Managing iron deficiency anemia (IDA) in children is a critical aspect of pediatric healthcare, especially considering the potential long-term effects of untreated anemia on growth and development. In your case, your son was diagnosed with IDA at a young age, and it appears he has been receiving iron supplementation for several months. Let's break down the concerns regarding dosage, potential side effects, and the need for further evaluations.
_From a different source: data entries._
(** Conversely, if [b_1(G) = b_1(H)] then [ker f] is torsion modulo the
    commutator subgroup: otherwise an element of [ker f] would extend a lift
    of a maximal independent family of [H^ab]. *)
Lemma kernel_torsion_mod_comm k z : is_b1 G k -> is_b1 H k -> f z = gone ->
  exists m, m <> Z0 /\ comm_sub (zpow z m).
Proof.
move=> [_ hmaxG] [[hs' [hlen hind]] _] hz; apply: contrapT => hno.
have [gs e] := list_lift hs'.
have hsz : size gs = k by rewrite -hlen -e length_size size_map.
suff /hmaxG : ab_independent (gs ++ [:: z]).
  by rewrite length_size size_cat hsz addn1 => /leP; rewrite ltnn.
move=> ns hl hc.
have : size ns = k.+1 by rewrite -length_size hl length_size size_cat hsz addn1.
case/lastP: ns hl hc => [//|ns1 m] hl hc; rewrite size_rcons => -[hns].
rewrite -cats1 lin_comb_cat ?hsz // in hc.
have hns1 : Forall (fun n => n = Z0) ns1.
  apply: hind; first by rewrite hlen length_size.
  have := hom_comm_sub hf hc.
  by rewrite hf (hom_lin_comb hf) e /= hf (hom_zpow hf) hz zpow_gone (hom1 hf) !gmul1r.
rewrite lin_comb_zero // gmul1l /= gmul1r in hc.
rewrite -cats1; apply/Forall_app; split=> //; constructor=> //.
by apply: contrapT => hm; apply: hno; exists m.
Qed.

(** With [b_1(G) = b_1(H)], homomorphisms [G -> F] with abelian image kill
    [ker f]: they kill a nonzero power of each element of it, and [F] is
    torsion-free. *)
Lemma abelian_hom_kills_kernel k z (phi : G -> F) :
  is_b1 G k -> is_b1 H k -> f z = gone -> is_hom phi -> ~ nonabelian_image phi -> phi z = gone.
Proof.
move=> hbG hbH hz hphi hnab.
have hab a c : gmul (phi a) (phi c) = gmul (phi c) (phi a).
  by apply: contrapT => hne; apply: hnab; exists a, c.
have [m [hm hcm]] := kernel_torsion_mod_comm hbG hbH hz.
have := abelian_hom_comm_sub hphi hab hcm; rewrite (hom_zpow hphi).
have hpos p : exists n, Pos.to_nat p = n.+1.
  by exists (Pos.to_nat p).-1; move: (Pos2Nat.is_pos p); lia.
case: m hm {hcm} => [//|p|p] _ /=; have [n ->] := hpos p.
- exact: (free_torsionfree hfree).
- by move/ginv_eq1; exact: (free_torsionfree hfree).
Qed.

Lemma na_iso_invisible k : fna_iso F f -> is_b1 G k -> is_b1 H k -> kernel_invisible.
Proof.
move=> hna hbG hbH z hz phi hphi.
case: (EM (nonabelian_image phi)) => hnab.
  exact: na_iso_kills_kernel hna hz hphi hnab.
exact: abelian_hom_kills_kernel hbG hbH hz hphi hnab.
Qed.

End Epimorphism.
(* Let $\mathbf{w_0}=(s_1s_2\cdots s_{n-1})(s_1s_2\cdots s_{n-2})\cdots(s_1s_2)(s_1)$, viewed as a sequence of $n-1$ runs (the $k$-th run being $s_1s_2\cdots s_{n-k}$). Let $\mathbf{w}$ be the positive distinguished subexpression in $\mathbf{w_0}$ for some $w\in S_n$. If, for some $k\ge 2$, $\mathbf{w}$ uses the transposition $s_i$ from the $k$-th run of $\mathbf{w_0}$, then $\mathbf{w}$ also uses the transposition $s_{i+1}$ from the $(k-1)$-st run of $\mathbf{w_0}$.
   Context: $s_i=(i,\,i+1)\in S_n$ are simple transpositions; $\ell(u)$ is the length of $u$ (minimal number of simple transpositions in an expression for $u$); an expression is reduced if it uses $\ell(u)$ transpositions. $v\le w$ in Bruhat order if some reduced expression for $w$ contains a reduced subexpression for $v$. Given a reduced expression $\mathbf{w}=s_{i_1}\cdots s_{i_k}$ for $w$ and $v\le w$, a reduced subexpression $\mathbf{v}=s_{i_{j_1}}\cdots s_{i_{j_m}}$ ($1\le j_1<\dots<j_m\le k$) for $v$ is positive distinguished if, for every $1\le r\le m+1$ and every $p$ with $j_{r-1}\le p<j_r$ (with conventions $j_0=0$, $j_{m+1}=k+1$) such that $\ell(s_{i_p}s_{i_{j_r}}\cdots s_{i_{j_m}})<\ell(s_{i_{j_r}}\cdots s_{i_{j_m}})$, one has $p=j_{r-1}$. For every $v\le w$ and reduced expression of $w$ there is a unique positive distinguished subexpression for $v$ (informally, the leftmost reduced subexpression). *)

From mathcomp Require Import all_boot all_order all_fingroup.
Set Implicit Arguments. Unset Strict Implicit. Unset Printing Implicit Defensive.
Local Open Scope group_scope.

(* Simple transposition s_i = (i, i+1) in S_n, with the paper's 1-indexing:
   points 1..n of the paper are the ordinals 0..n-1 of 'I_n, so s_i swaps
   ordinals i-1 and i.  For indices outside 1 <= i <= n-1 it is the identity
   (never used: all letters considered are in range). *)
Definition simple_tr (n i : nat) : 'S_n :=
  match @insub nat (fun x => x < n) _ i.-1, @insub nat (fun x => x < n) _ i with
  | Some a, Some b => tperm (a : 'I_n) (b : 'I_n)
  | _, _ => 1
  end.

Definition valid_word (n : nat) (s : seq nat) : bool :=
  all (fun i => (0 < i) && (i < n)) s.

Definition word_prod (n : nat) (s : seq nat) : 'S_n :=
  \prod_(i <- s) simple_tr n i.

Definition is_expr (n : nat) (s : seq nat) (u : 'S_n) : Prop :=
  valid_word n s /\ word_prod n s = u.

Definition reduced_expr (n : nat) (s : seq nat) (u : 'S_n) : Prop :=
  is_expr s u /\ forall t, is_expr t u -> size s <= size t.

(* l(a) < l(b), with l the minimal number of simple transpositions in an
   expression: some expression of a is shorter than every expression of b. *)
Definition len_lt (n : nat) (a b : 'S_n) : Prop :=
  exists s, is_expr s a /\ forall t, is_expr t b -> size s < size t.

Definition run (n k : nat) : seq nat := iota 1 (n - k).
Definition w0_word (n : nat) : seq nat := flatten [seq run n k | k <- iota 1 n.-1].

(* 0-indexed position in w0_word n of the letter s_i of the k-th run
   (1 <= k <= n-1, 1 <= i <= n-k). *)
Definition w0_pos (n k i : nat) : nat := \sum_(1 <= j < k) (n - j) + i.-1.

(* A subexpression of w0 is encoded by a bit mask m (size m = size w0):
   position p is used iff nth false m p.  The product of the letters used
   strictly after position p (i.e. s_{i_{j_r}} ... s_{i_{j_m}}, j_r the first
   used position > p). *)
Definition suffix_prod (n : nat) (m : bitseq) (p : nat) : 'S_n :=
  word_prod n (mask (drop p.+1 m) (drop p.+1 (w0_word n))).

(* Positive distinguished condition: for every position p with
   j_{r-1} <= p < j_r and l(s_{i_p} s_{i_{j_r}}...s_{i_{j_m}}) <
   l(s_{i_{j_r}}...s_{i_{j_m}}), one has p = j_{r-1}; equivalently, for every
   position p NOT used by the subexpression the length inequality fails. *)
Definition pos_dist (n : nat) (m : bitseq) : Prop :=
  forall p, p < size (w0_word n) -> ~~ nth false m p ->
    ~ len_lt (simple_tr n (nth 0 (w0_word n) p) * suffix_prod n m p)
             (suffix_prod n m p).
Lemma quadB n (A B : 'M[C]_n) v : quad (A - B) v = quad A v - quad B v.
Proof. by rewrite -scaleN1r quadD quadZ mulN1r. Qed.

Lemma quadE n (A : 'M[C]_n) w :
  quad A w = \sum_j \sum_i (w i 0)^* * A i j * w j 0.
Proof.
rewrite /quad mxE; apply: eq_bigr => j _; rewrite mxE mulr_suml.
by apply: eq_bigr => i _; rewrite adjmxE.
Qed.

Lemma quad_ker n (A : 'M[C]_n) v : A *m v = 0 -> quad A v = 0.
Proof. by rewrite /quad -mulmxA => ->; rewrite mulmx0 mxE. Qed.

Lemma quad_delta n (A : 'M[C]_n) i : quad A (delta_mx i 0) = A i i.
Proof. by rewrite /quad adjmx_delta -rowE -colE !mxE. Qed.

Lemma quad_herm_real n (A : 'M[C]_n) v : adjmx A = A -> quad A v \is Num.real.
Proof.
move=> hA; rewrite CrealE; apply/eqP.
by rewrite -[LHS]adjmxE !adjmxM adjmxK hA mulmxA.
Qed.

Lemma adjmx_mul_ge0 n (w : 'cV[C]_n) : 0 <= (adjmx w *m w) 0 0.
Proof.
by rewrite mxE sumr_ge0 // => i _; rewrite adjmxE mulrC mul_conjC_ge0.
Qed.

Lemma adjmx_mul_eq0 n (w : 'cV[C]_n) : (adjmx w *m w) 0 0 = 0 -> w = 0.
Proof.
rewrite mxE => /eqP; rewrite psumr_eq0 => [/allP w0|i _]; last first.
  by rewrite adjmxE mulrC mul_conjC_ge0.
apply/matrixP => i j; rewrite ord1 mxE; have /eqP := w0 i (mem_index_enum _).
by rewrite adjmxE mulrC => /eqP; rewrite mul_conjC_eq0 => /eqP.
Qed.

Lemma herm_sqr_mulmx_eq0 n (V : 'M[C]_n) (y : 'cV[C]_n) :
  adjmx V = V -> V *m V *m y = 0 -> V *m y = 0.
Proof.
move=> hV VVy; apply: adjmx_mul_eq0.
by rewrite adjmxM hV -mulmxA [V *m (V *m y)]mulmxA VVy mulmx0 mxE.
Qed.

Lemma psd_gram m n (B : 'M[C]_(m, n)) : psd (adjmx B *m B).
Proof.
split=> [|v]; first by rewrite adjmxM adjmxK.
by rewrite mulmxA -mulmxA -adjmxM adjmx_mul_ge0.
Qed.

(* The spectral theorem [A = U^* D U] with [D >= 0] gives [A = B^* B] for
   [B = sqrt(D) U]. *)
Definition gram_factor n (A : 'M[C]_n) : 'M[C]_n :=
  diag_mx (map_mx sqrtC (spectral_diag A)) *m spectralmx A.

Lemma gram_factorP n (A : 'M[C]_n) :
  psd A -> A = adjmx (gram_factor A) *m gram_factor A.
Proof.
move=> [hA pA].
have /orthomx_spectralP : A \is normalmx.
  by apply/hermitian_normalmx/is_hermitianmxP; rewrite expr0 scale1r adjmx_trC hA.
have /unitarymxP := spectral_unitarymx A.
rewrite invmx_unitary ?spectral_unitarymx // !adjmx_trC.
set U := spectralmx A; set D := spectral_diag A => UU AE.
have D_ge0 i : 0 <= D 0 i.
  have := pA (adjmx U *m delta_mx i 0).
  rewrite adjmxM adjmxK adjmx_delta AE !mulmxA -!(mulmxA _ U (adjmx U)) UU !mulmx1.
  by rewrite -rowE -colE !mxE eqxx mulr1n.
rewrite /gram_factor adjmxM adjmx_diag -/U -/D [_ *m (_ *m U)]mulmxA -(mulmxA (adjmx U)).
rewrite mulmx_diag {1}AE.
congr (_ *m diag_mx _ *m _); apply/matrixP => a b.
by rewrite !mxE ord1 conj_Creal ?ger0_real ?sqrtC_ge0 // -expr2 sqrtCK.
Qed.

Lemma psd_herm n (A : 'M[C]_n) : psd A -> adjmx A = A.
Proof. by case. Qed.

Lemma psd_quad_ge0 n (A : 'M[C]_n) v : psd A -> 0 <= quad A v.
Proof. by case=> _; apply. Qed.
Iron Supplementation Dosage
The typical dosage of iron for treating IDA in children is generally based on their age and weight. For infants and toddlers, the recommended daily allowance (RDA) of iron is approximately 7 mg for those aged 1-3 years. In cases of IDA, healthcare providers often prescribe higher doses to replenish iron stores.
In your son's case, he was prescribed a liquid iron supplement (likely a ferrous formulation), which is common for young children. The dosages you mentioned—4 drops twice a day and later 10 drops twice a day—are within the range of what might be prescribed, depending on the concentration of the iron supplement. However, it’s essential to ensure that the total daily intake does not exceed the tolerable upper intake level (UL) for iron, which is 40 mg for children aged 1-3 years.


Potential Side Effects
Iron supplementation can lead to several side effects, the most common being gastrointestinal issues such as nausea, vomiting, constipation, and diarrhea. Additionally, iron can cause darkening of the stool, which is a harmless side effect but can be alarming for parents. If your son experienced any significant side effects, it would be advisable to discuss these with his healthcare provider.


Monitoring and Follow-Up
Given that your son had a follow-up blood test showing improved iron levels (from a ferritin of 15.1 to 72), this indicates that the iron supplementation was effective. However, the presence of fever during the blood draw raises a concern. It’s important to differentiate whether the fever was related to an underlying infection or if it was a reaction to the iron supplementation.
In general, after a course of iron therapy, it is prudent to monitor not only ferritin levels but also other parameters such as hemoglobin (Hb) and mean corpuscular volume (MCV) to ensure that the anemia is resolving appropriately. If your son continues to have symptoms or if there are concerns about his growth or development, further evaluations may be warranted. This could include additional blood tests to assess for other potential deficiencies (like vitamin B12 or folate) or underlying conditions that could contribute to anemia.


Conclusion
In summary, while the dosages you mentioned seem to be within a reasonable range for treating IDA, it is crucial to maintain open communication with your child's healthcare provider. They can provide tailored advice based on your son's specific health needs and monitor for any potential side effects or complications. Regular follow-ups and blood tests will help ensure that your son continues to respond well to treatment and that his iron levels remain stable. If you have any concerns about the dosage or side effects, do not hesitate to reach out to his doctor for clarification and guidance.